Humans can do this by disconnecting all the cables; the automation system does it by having all this power cutters completely isolating the board.
Question: (on Zephyr) I’m a little confused why I actually need to power cycle the Arduino, when I compile zephyr and flash using
make BOARD=Arduino_101_factory flash
I don’t need [any hardware] to power it down… Zephyrmake flash
seems to be using OpenOCD just like TCF.It does, and it is misleadingly simple.
When doing
make flash
, there is an OpenOCD-driven reset that is done there; if it doesn’t work, a human retries, if it doesn’t work again, the mailing list wisdom has been disconnect every single cable to the board, let it rest a few seconds, reconnect again, retry.TCF does the same, but faster and without your intervention, but for that it needs hardware.

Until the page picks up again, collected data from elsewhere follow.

(* Assume (SM), (LIP), (POT) and consider the algorithm AILFEM of the context with arbitrary $\lambda_{\mathrm{lin}},\lambda_{\mathrm{alg}}>0$. Define $\tau:=M+3M(L[3M]/\alpha)^{1/2}\ (\ge4M)$. Let $k\in\mathbb{N}_0$ with $0\le k<\underline{k}[\ell]$ and $|||u_\ell^{k,\underline{i}}|||\le\tau$. Then, if $i_{\min}\in\mathbb{N}$ satisfies $q_{\mathrm{alg}}^{i_{\min}}\le1/3$ and $0<\delta<\min\{1/L[5\tau],\,2\alpha/L[2\tau]^2\}$, it holds that $$0\le\Big(\frac1{2\delta}-\frac{L[5\tau]}2\Big)|||u_\ell^{k+1,\underline{i}}-u_\ell^{k,\underline{i}}|||^2\le\mathcal{E}(u_\ell^{k,\underline{i}})-\mathcal{E}(u_\ell^{k+1,\underline{i}})\le\Big(\frac1{\delta(1-q_{\mathrm{alg}}^{i_{\min}})}-\frac\alpha2\Big)|||u_\ell^{k+1,\underline{i}}-u_\ell^{k,\underline{i}}|||^2$$ for all $(\ell,k+1,\underline{i})\in\mathcal{Q}$.
   Context: Abstract setting. Let $\mathcal{X}$ be a real Hilbert space with scalar product $\langle\!\langle\cdot,\cdot\rangle\!\rangle$ and norm $|||\cdot|||$, with dual space $\mathcal{X}'$ (norm $\|\cdot\|_{\mathcal{X}'}$, duality bracket $\langle\cdot,\cdot\rangle$). Let $\mathcal{A}:\mathcal{X}\to\mathcal{X}'$ be a nonlinear operator and $F\in\mathcal{X}'$ with $\mathcal{A}0\neq F$. Conditions: (SM) there is $\alpha>0$ with $\alpha|||v-w|||^2\le\langle\mathcal{A}v-\mathcal{A}w,v-w\rangle$ for all $v,w\in\mathcal{X}$; (LIP) for every $\vartheta>0$ there is $L[\vartheta]>0$ with $\langle\mathcal{A}v-\mathcal{A}w,\varphi\rangle\le L[\vartheta]\,|||v-w|||\,|||\varphi|||$ for all $v,w,\varphi\in\mathcal{X}$ with $\max\{|||v|||,|||v-w|||\}\le\vartheta$; (POT) there is a Gâteaux differentiable $\mathcal{P}:\mathcal{X}\to\mathbb{R}$ with $\langle\mathcal{A}w,v\rangle=\lim_{t\to0}(\mathcal{P}(w+tv)-\mathcal{P}(w))/t$ for all $v,w$. The energy is $\mathcal{E}(v):=\mathcal{P}(v)-F(v)$. For every closed subspace $\mathcal{Y}\subseteq\mathcal{X}$ there is a unique $u^\star_{\mathcal{Y}}\in\mathcal{Y}$ with $\langle\mathcal{A}u^\star_{\mathcal{Y}},v\rangle=F(v)$ for all $v\in\mathcal{Y}$; $u^\star:=u^\star_{\mathcal{X}}$. Put $M:=\|F-\mathcal{A}0\|_{\mathcal{X}'}/\alpha$. Meshes. $\mathcal{T}_0$ is an initial conforming simplicial triangulation; $\mathtt{refine}(\mathcal{T}_H,\mathcal{M}_H)$ is the coarsest newest-vertex-bisection (NVB) refinement of $\mathcal{T}_H$ in which all elements of $\mathcal{M}_H\subseteq\mathcal{T}_H$ are refined; $\mathbb{T}(\mathcal{T}_H)$ is the set of meshes obtained from $\mathcal{T}_H$ by finitely many NVB steps, $\mathbb{T}:=\mathbb{T}(\mathcal{T}_0)$. Each $\mathcal{T}_H\in\mathbb{T}$ is associated with a finite-dimensional subspace $\mathcal{X}_H\subset\mathcal{X}$, nested: $\mathcal{X}_H\subseteq\mathcal{X}_h$ if $\mathcal{T}_h\in\mathbb{T}(\mathcal{T}_H)$. Write $u_H^\star:=u^\star_{\mathcal{X}_H}$. Zarantonello map: for $\delta>0$, $w_H\in\mathcal{X}_H$, $\Phi_H(\delta;w_H)\in\mathcal{X}_H$ is the unique solution of $\langle\!\langle\Phi_H(\delta;w_H),v_H\rangle\!\rangle=\langle\!\langle w_H,v_H\rangle\!\rangle+\delta[F(v_H)-\langle\mathcal{A}w_H,v_H\rangle]$ for all $v_H\in\mathcal{X}_H$. Algebraic solver: there is $0<q_{\mathrm{alg}}<1$ and for each $\mathcal{T}_H$ a map $\Psi_H:\mathcal{X}'\times\mathcal{X}_H\to\mathcal{X}_H$ such that for every $\varphi\in\mathcal{X}'$, with $w_H^\star\in\mathcal{X}_H$ solving $\langle\!\langle w_H^\star,v_H\rangle\!\rangle=\varphi(v_H)$ for all $v_H\in\mathcal{X}_H$, one has $|||w_H^\star-\Psi_H(\varphi;w_H)|||\le q_{\mathrm{alg}}|||w_H^\star-w_H|||$ for all $w_H\in\mathcal{X}_H$. One writes $\Psi_H(w_H^\star;\cdot)$ for $\Psi_H(\varphi;\cdot)$. Estimator: for $\mathcal{T}_H\in\mathbb{T}$, $T\in\mathcal{T}_H$, $v_H\in\mathcal{X}_H$ a number $\eta_H(T,v_H)\ge0$ is given; $\eta_H(\mathcal{U},v_H):=(\sum_{T\in\mathcal{U}}\eta_H(T,v_H)^2)^{1/2}$ for $\mathcal{U}\subseteq\mathcal{T}_H$ and $\eta_H(v_H):=\eta_H(\mathcal{T}_H,v_H)$. Index $\ell$ refers to $\mathcal{T}_\ell$, $\mathcal{X}_\ell$, $\Phi_\ell$, $\Psi_\ell$, $\eta_\ell$, $u_\ell^\star$. Algorithm AILFEM. Input: $\mathcal{T}_0$, $0<\theta\le1$, $C_{\mathrm{mark}}\ge1$, $\lambda_{\mathrm{lin}},\lambda_{\mathrm{alg}}>0$, $i_{\min}\in\mathbb{N}$, $\delta>0$, $u_0^{0,0}\in\mathcal{X}_0$ with $|||u_0^{0,0}|||\le2M$; set $u_0^{0,\star}:=u_0^{0,\underline{i}}:=u_0^{0,0}$. For $\ell=0,1,2,\dots$: (I) For $k=1,2,\dots$: set $u_\ell^{k,0}:=u_\ell^{k-1,\underline{i}}$ and $u_\ell^{k,\star}:=\Phi_\ell(\delta;u_\ell^{k-1,\underline{i}})$ (not computed). For $i=1,2,\dots$: compute $u_\ell^{k,i}:=\Psi_\ell(u_\ell^{k,\star};u_\ell^{k,i-1})$ and $\eta_\ell(u_\ell^{k,i})$; terminate the $i$-loop with $\underline{i}[\ell,k]:=i$ if $|||u_\ell^{k,i-1}-u_\ell^{k,i}|||\le\lambda_{\mathrm{alg}}[\lambda_{\mathrm{lin}}\eta_\ell(u_\ell^{k,i})+|||u_\ell^{k,i}-u_\ell^{k,0}|||]$ and $i_{\min}\le i$. Write $u_\ell^{k,\underline{i}}:=u_\ell^{k,\underline{i}[\ell,k]}$. Terminate the $k$-loop with $\underline{k}[\ell]:=k$ if $\mathcal{E}(u_\ell^{k,0})-\mathcal{E}(u_\ell^{k,\underline{i}})\le\lambda_{\mathrm{lin}}^2\eta_\ell(u_\ell^{k,\underline{i}})^2$ and $|||u_\ell^{k,\underline{i}}|||\le2M$. (II) Choose $\mathcal{M}_\ell\subseteq\mathcal{T}_\ell$ with $\theta\,\eta_\ell(u_\ell^{\underline{k},\underline{i}})^2\le\eta_\ell(\mathcal{M}_\ell,u_\ell^{\underline{k},\underline{i}})^2$ and $\#\mathcal{M}_\ell\le C_{\mathrm{mark}}\min\{\#\mathcal{U}:\mathcal{U}\subseteq\mathcal{T}_\ell,\ \theta\eta_\ell(u_\ell^{\underline{k},\underline{i}})^2\le\eta_\ell(\mathcal{U},u_\ell^{\underline{k},\underline{i}})^2\}$. (III) $\mathcal{T}_{\ell+1}:=\mathtt{refine}(\mathcal{T}_\ell,\mathcal{M}_\ell)$ and $u_{\ell+1}^{0,0}:=u_{\ell+1}^{0,\underline{i}}:=u_{\ell+1}^{0,\star}:=u_\ell^{\underline{k},\underline{i}}$. Index set: $\mathcal{Q}:=\{(\ell,k,i)\in\mathbb{N}_0^3: u_\ell^{k,i}\text{ is used in the algorithm}\}$; $\underline{k}[\ell]:=\sup\{k\in\mathbb{N}:(\ell,k,0)\in\mathcal{Q}\}$, $\underline{i}[\ell,k]:=\sup\{i\in\mathbb{N}:(\ell,k,i)\in\mathcal{Q}\}$; ''$(\ell,k,\underline{i})\in\mathcal{Q}$'' means $(\ell,k,\underline{i}[\ell,k])\in\mathcal{Q}$. *)

From HB Require Import structures.
From mathcomp Require Import all_boot all_order all_algebra.
From mathcomp Require Import all_classical all_reals topology normedtype.
Set Implicit Arguments. Unset Strict Implicit. Unset Printing Implicit Defensive.
Import Order.TTheory GRing.Theory Num.Theory.
Import numFieldNormedType.Exports.
Local Open Scope classical_set_scope.
Local Open Scope ring_scope.
(* For all $M,H\in\mathbb N$ and $x\in X$ there is a set $\Lambda\subseteq\mathbb N$ such that (1) $\lim_{N\to\infty}\frac1N\#(\{1,\dots,N\}\cap\Lambda)=1$, and (2) for every $F\in\mathcal C_M(X)$ and every $n\in\Lambda$, the value $F(\hat T^{n+h}x)$ is the same for all $0\le h\le H-1$.
   Context: Fix integers $2\le q_1<q_2<\cdots$ such that $q_{k+1}>q_k^4+3q_k$ for every $k\ge1$. For $k\ge1$ put $q^{(0)}_k=q_{2k}$, $q^{(1)}_k=q_{2k+1}$, $q^{(2)}_k=q^{(0)}_k-1$, $q^{(3)}_k=q^{(1)}_k-1$, and $L^{(i)}_k=\lfloor q^{(i)}_{k+1}/(3q^{(i)}_k)\rfloor$. Let $s^{(i)}_k\in\{-1,0,1\}^{\mathbb N}$ (indices $n\ge1$) be given by $s^{(i)}_k(n)=1$ if $n=jq^{(i)}_k$ with $1\le j\le L^{(i)}_k$, $s^{(i)}_k(n)=-1$ if $n=jq^{(i)}_k$ with $L^{(i)}_k<j\le2L^{(i)}_k$, and $s^{(i)}_k(n)=0$ otherwise. For $w\in\{-1,0,1\}^{\mathbb N}$ and $p\in\mathbb N_0$ let $\sigma^{-p}w$ be defined by $(\sigma^{-p}w)(n)=0$ for $1\le n\le p$ and $(\sigma^{-p}w)(n)=w(n-p)$ for $n>p$. For $l\le m$ write $w|_l^m=(w_l,\dots,w_m)$. Let $R^{(i)}_k=\{(\sigma^{-p}s^{(i)}_k)|_{q^{(i)}_k}^{q^{(i)}_{k+1}-1}:p=0,1,\dots,q^{(i)}_k\}$ and $P^{(i)}=\{y\in\{-1,0,1\}^{\mathbb N}: y(n)=0\text{ for }1\le n<q^{(i)}_1,\ y|_{q^{(i)}_k}^{q^{(i)}_{k+1}-1}\in R^{(i)}_k\text{ for all }k\ge1\}$. Let $Z=\{-1,0,1\}^{\mathbb N}\times\{-1,0,1\}^{\mathbb Z}$, where each factor carries the metric $d(u,v)=3^{-\min\{|m|:u_m\neq v_m\}}$ and $Z$ the maximum of the two. $\sigma$ is the left shift $(\sigma u)_m=u_{m+1}$ (invertible on $\{-1,0,1\}^{\mathbb Z}$). Define $T:Z\to Z$, $T(y,z)=(\sigma y,\sigma^{y_1}z)$, and $X_i=\overline{\bigcup_{n\ge0}T^n(P^{(i)}\times\{-1,0,1\}^{\mathbb Z})}$ for $i\in\{0,1,2,3\}$. Let $X=X_0\times X_1\times X_2\times X_3\times\{0,1,2,3\}$ with $\hat T(p^{(0)},p^{(1)},p^{(2)},p^{(3)},i)=(Tp^{(0)},Tp^{(1)},Tp^{(2)},Tp^{(3)},i)$. For $p=(y,z)\in Z$ and $M\in\mathbb N$, $[p]_M=((y_1,\dots,y_M),(z_{-M},\dots,z_M))$. Writing points of $X$ as $(x^{(0)},x^{(1)},x^{(2)},x^{(3)},i)$, $\mathcal C_M(X)$ denotes the set of functions $F:X\to\mathbb C$ whose value depends only on $([x^{(\ell)}]_M)_{0\le\ell\le3}$ and $i$. *)

From Stdlib Require Import Reals ZArith Arith List Lia Bool.
From Coquelicot Require Import Coquelicot.
Local Open Scope nat_scope.

(* ---------- Points of Z = {-1,0,1}^N x {-1,0,1}^Z ----------
   A one-sided sequence y = (y_1, y_2, ...) is encoded as y : nat -> Z,
   with coordinate n stored at index n (n >= 1); index 0 is unused and
   normalised to 0 for points of Z. *)
Definition pt := ((nat -> Z) * (Z -> Z))%type.

Definition trit (a : Z) : Prop := (a = -1 \/ a = 0 \/ a = 1)%Z.

Definition inOneSided (y : nat -> Z) : Prop :=
  y 0 = 0%Z /\ forall n, 1 <= n -> trit (y n).
Definition inTwoSided (z : Z -> Z) : Prop := forall m, trit (z m).
Definition inZsp (p : pt) : Prop := inOneSided (fst p) /\ inTwoSided (snd p).

Definition shift1 (y : nat -> Z) : nat -> Z :=
  fun n => match n with 0 => 0%Z | _ => y (n + 1) end.

Definition T (p : pt) : pt :=
  (shift1 (fst p), fun m => snd p (m + fst p 1%nat)%Z).

(* [p]_M = [p']_M : agreement of y on 1..M and of z on -M..M;
   equivalently d(p,p') < 3^{-M} *)
Definition window_eq (M : nat) (p p' : pt) : Prop :=
  (forall n, 1 <= n <= M -> fst p n = fst p' n) /\
  (forall m : Z, (- Z.of_nat M <= m <= Z.of_nat M)%Z -> snd p m = snd p' m).

Definition qi (q : nat -> nat) (i k : nat) : nat :=
  match i with
  | 0 => q (2 * k)
  | 1 => q (2 * k + 1)
  | 2 => q (2 * k) - 1
  | _ => q (2 * k + 1) - 1
  end.

Definition Lq (q : nat -> nat) (i k : nat) : nat :=
  qi q i (k + 1) / (3 * qi q i k).

Definition s (q : nat -> nat) (i k : nat) : nat -> Z :=
  fun n =>
    let a := qi q i k in
    let L := Lq q i k in
    if (1 <=? n) && (n mod a =? 0) then
      let j := n / a in
      if (1 <=? j) && (j <=? L) then 1%Z
      else if (L <? j) && (j <=? 2 * L) then (-1)%Z
      else 0%Z
    else 0%Z.

Definition shiftR (p : nat) (w : nat -> Z) : nat -> Z :=
  fun n => if n <=? p then 0%Z else w (n - p).

Definition inR (q : nat -> nat) (i k : nat) (y : nat -> Z) : Prop :=
  exists p, p <= qi q i k /\
    forall n, qi q i k <= n <= qi q i (k + 1) - 1 ->
      y n = shiftR p (s q i k) n.

Definition inP (q : nat -> nat) (i : nat) (y : nat -> Z) : Prop :=
  inOneSided y /\
  (forall n, 1 <= n < qi q i 1 -> y n = 0%Z) /\
  (forall k, 1 <= k -> inR q i k y).

Definition inOrbit (q : nat -> nat) (i : nat) (p : pt) : Prop :=
  exists n p0, inP q i (fst p0) /\ inTwoSided (snd p0) /\ p = Nat.iter n T p0.

(* X_i = closure in Z of that union *)
Definition inXi (q : nat -> nat) (i : nat) (p : pt) : Prop :=
  inZsp p /\ forall M, exists p', inOrbit q i p' /\ window_eq M p p'.

Definition pt4 := (pt * pt * pt * pt * nat)%type.

Definition inX (q : nat -> nat) (x : pt4) : Prop :=
  match x with (p0, p1, p2, p3, i) =>
    inXi q 0 p0 /\ inXi q 1 p1 /\ inXi q 2 p2 /\ inXi q 3 p3 /\ i < 4
  end.

Definition hatT (x : pt4) : pt4 :=
  match x with (p0, p1, p2, p3, i) => (T p0, T p1, T p2, T p3, i) end.

Definition CM (q : nat -> nat) (M : nat) (F : pt4 -> C) : Prop :=
  forall x x' : pt4, inX q x -> inX q x' ->
    match x, x' with (p0, p1, p2, p3, i), (p0', p1', p2', p3', i') =>
      window_eq M p0 p0' -> window_eq M p1 p1' -> window_eq M p2 p2' ->
      window_eq M p3 p3' -> i = i' -> F x = F x'
    end.

Definition count_upto (Lam : nat -> bool) (N : nat) : nat :=
  length (filter Lam (seq 1 N)).

Definition good_q (q : nat -> nat) : Prop :=
  2 <= q 1 /\ (forall k, 1 <= k -> q k < q (k + 1)) /\
  (forall k, 1 <= k -> q (k + 1) > q k ^ 4 + 3 * q k).

(* The one-sided coordinate of a point of [X_i] inherits from [P^(i)] a sparse support:
   beyond [q^(i)_k] its nonzero symbols are at least [q^(i)_k] apart, so the support has
   density zero.  Take for [Lambda] the times [n] after which all four one-sided
   coordinates vanish on [n+1 .. n+M+H]; its complement is a finite union of shifts of
   density-zero sets.  Along such a block [T] only shifts the one-sided coordinate and
   leaves the two-sided one in place (it moves by [y_1 = 0]), so the [M]-windows of
   [hatT^(n+h) x] and [hatT^n x] coincide for [h < H]. *)

From Stdlib Require Import Reals ZArith Arith List Lia Lra Bool.
From Coquelicot Require Import Coquelicot.
Local Open Scope nat_scope.

Definition count_from (f : nat -> bool) (a n : nat) : nat := length (filter f (seq a n)).

Lemma count_from_le f a n : count_from f a n <= n.
Proof.
  unfold count_from. etransitivity; [apply filter_length_le|]. now rewrite length_seq.
Qed.

Lemma count_from_app f a n m :
  count_from f a (n + m) = count_from f a n + count_from f (a + n) m.
Proof. unfold count_from. now rewrite seq_app, filter_app, length_app. Qed.

Lemma count_from_sub f a b n m :
  a <= b -> b + m <= a + n -> count_from f b m <= count_from f a n.
Proof.
  intros Hab Hbm. replace n with ((b - a) + (m + (a + n - b - m))) by lia.
  rewrite !count_from_app. replace (a + (b - a)) with b by lia. lia.
Qed.

Lemma count_from_orb f g a n :
  count_from (fun t => f t || g t) a n <= count_from f a n + count_from g a n.
Proof.
  unfold count_from. induction (seq a n) as [|t s IH]; simpl; [lia|].
  destruct (f t), (g t); simpl; lia.
Qed.

Lemma count_from_negb f a n : count_from (fun t => negb (f t)) a n + count_from f a n = n.
Proof.
  unfold count_from. rewrite Nat.add_comm, filter_length. apply length_seq.
Qed.

Definition spaced_from (f : nat -> bool) (A : nat) : Prop :=
  forall t t', A <= t -> t < t' -> f t = true -> f t' = true -> A <= t' - t.

Section Spaced.
Variables (f : nat -> bool) (A : nat).
Hypotheses (HA : 1 <= A) (Hf : spaced_from f A).

Lemma count_spaced_window u W : A <= u -> W <= A -> count_from f u W <= 1.
Proof.
  unfold count_from. revert u. induction W as [|W IH]; intros u Hu HW; simpl; [lia|].
  destruct (f u) eqn:Ef; [|apply IH; lia].
  enough (filter f (seq (S u) W) = nil) as -> by (simpl; lia).
  rewrite (filter_ext_in f (fun _ => false)), filter_false; [reflexivity|].
  intros t Ht. apply in_seq in Ht.
  destruct (f t) eqn:Et; [|reflexivity].
  specialize (Hf u t Hu ltac:(lia) Ef Et). lia.
Qed.

Lemma count_spaced_blocks m u : A <= u -> count_from f u (m * A) <= m.
Proof.
  revert u. induction m as [|m IH]; intros u Hu; [apply count_from_le|].
  cbn [Nat.mul]. rewrite count_from_app.
  pose proof (count_spaced_window u A Hu (le_n A)).
  specialize (IH (u + A) ltac:(lia)). lia.
Qed.

Lemma count_spaced N : count_from f 1 N <= A + N / A.
Proof.
  pose proof (Nat.div_mod_eq N A). pose proof (Nat.mod_upper_bound N A ltac:(lia)).
  assert (Hcover : count_from f 1 N <= count_from f 1 ((A - 1) + (N / A + 1) * A))
    by (apply count_from_sub; nia).
  rewrite count_from_app in Hcover. replace (1 + (A - 1)) with A in Hcover by lia.
  pose proof (count_spaced_blocks (N / A + 1) A (le_n A)).
  pose proof (count_from_le f 1 (A - 1)). lia.
Qed.

End Spaced.

Definition zero_density (f : nat -> bool) : Prop :=
  is_lim_seq (fun N => (INR (count_from f 1 N) / INR N)%R) 0%R.

(* By [count_spaced], the density of [f] in [1..N] is at most [A / N + 1 / A]. *)
Lemma zero_density_of_spaced f :
  (forall k, exists A, k <= A /\ spaced_from f A) -> zero_density f.
Proof.
  intros Hsp. apply is_lim_seq_spec. intros eps. pose proof (cond_pos eps) as Heps.
  destruct (INR_archimed eps 2 Heps) as [k Hk].
  destruct (Hsp (S k)) as [A [HkA HA]].
  destruct (INR_archimed eps (2 * INR A) Heps) as [N0 HN0].
  exists (S N0). intros N HN.
  pose proof (count_spaced f A ltac:(lia) HA N) as Hcnt.
  assert (Hmul : A * count_from f 1 N <= A * A + N)
    by (pose proof (Nat.Div0.mul_div_le N A); nia).
  apply le_INR in Hmul. rewrite plus_INR, !mult_INR in Hmul.
  apply le_INR in HkA. apply le_INR in HN. rewrite S_INR in HkA, HN.
  pose proof (pos_INR k). pose proof (pos_INR N0). pose proof (pos_INR (count_from f 1 N)).
  set (c := INR (count_from f 1 N)) in *. set (Ar := INR A) in *. set (Nr := INR N) in *.
  rewrite Rminus_0_r, Rabs_pos_eq by (apply Rdiv_le_0_compat; lra).
  apply Rlt_div_l; [lra|].
  assert (HAeps : (2 < Ar * eps)%R) by nra.
  assert (HNeps : (2 * Ar < Nr * eps)%R) by nra.
  assert (Ar * c < Ar * (eps * Nr))%R by nra.
  nra.
Qed.

Lemma zero_density_of_le g (u : nat -> R) :
  is_lim_seq u 0%R ->
  (forall N, 1 <= N -> (INR (count_from g 1 N) <= u N * INR N)%R) ->
  zero_density g.
Proof.
  intros Hu Hle.
  apply is_lim_seq_le_le_loc with (u := fun _ => 0%R) (w := u);
    [|apply is_lim_seq_const|exact Hu].
  exists 1. intros N HN.
  assert (HNpos : (0 < INR N)%R) by (apply lt_0_INR; lia).
  split.
  - apply Rdiv_le_0_compat; [apply pos_INR|exact HNpos].
  - apply Rle_div_l; [exact HNpos|]. now apply Hle.
Qed.

Lemma is_lim_seq_inv_INR : is_lim_seq (fun N => / INR N)%R 0%R.
Proof.
  replace (Finite 0) with (Rbar_inv p_infty) by reflexivity.
  apply is_lim_seq_inv; [apply is_lim_seq_INR|discriminate].
Qed.

Lemma zero_density_orb f g :
  zero_density f -> zero_density g -> zero_density (fun t => f t || g t).
Proof.
  intros Hf Hg.
  apply zero_density_of_le
    with (u := fun N => (INR (count_from f 1 N) / INR N + INR (count_from g 1 N) / INR N)%R).
  - replace 0%R with (0 + 0)%R by ring. now apply is_lim_seq_plus'.
  - intros N HN.
    assert (INR N <> 0%R) by (apply not_0_INR; lia).
    pose proof (count_from_orb f g 1 N) as Hcnt. apply le_INR in Hcnt. rewrite plus_INR in Hcnt.
    replace ((INR (count_from f 1 N) / INR N + INR (count_from g 1 N) / INR N) * INR N)%R
      with (INR (count_from f 1 N) + INR (count_from g 1 N))%R by (field; assumption).
    exact Hcnt.
Qed.

Lemma existsb_false_In {A} (f : A -> bool) l x :
  existsb f l = false -> In x l -> f x = false.
Proof.
  intros Hnone Hx. destruct (f x) eqn:Efx; [|reflexivity].
  rewrite <- Hnone. symmetry. apply existsb_exists. now exists x.
Qed.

TCF is designed to run tests cases with no human intervention, one after another as fast as possible. If it fails, it recovers. In order to do that, reliably, the board has to be fully reset. And for that it uses that hardware.
Why power off the USB bus versus the barrel?
The choice to use USB is that in most setups, power comes from USB anyway and there is no real reason to use the barrel.
It simplifies the cabling too. Using the barrel you have to make sure that the power is connected to the same power switch as the hub where the MCU is connected to avoid ground power derivation.
As well, if you choose to use the barrel and USB, then note either will power it, so when the power rail powers up the target, whichever USB power controller or the barrel power controller is turned on first will power the whole board up.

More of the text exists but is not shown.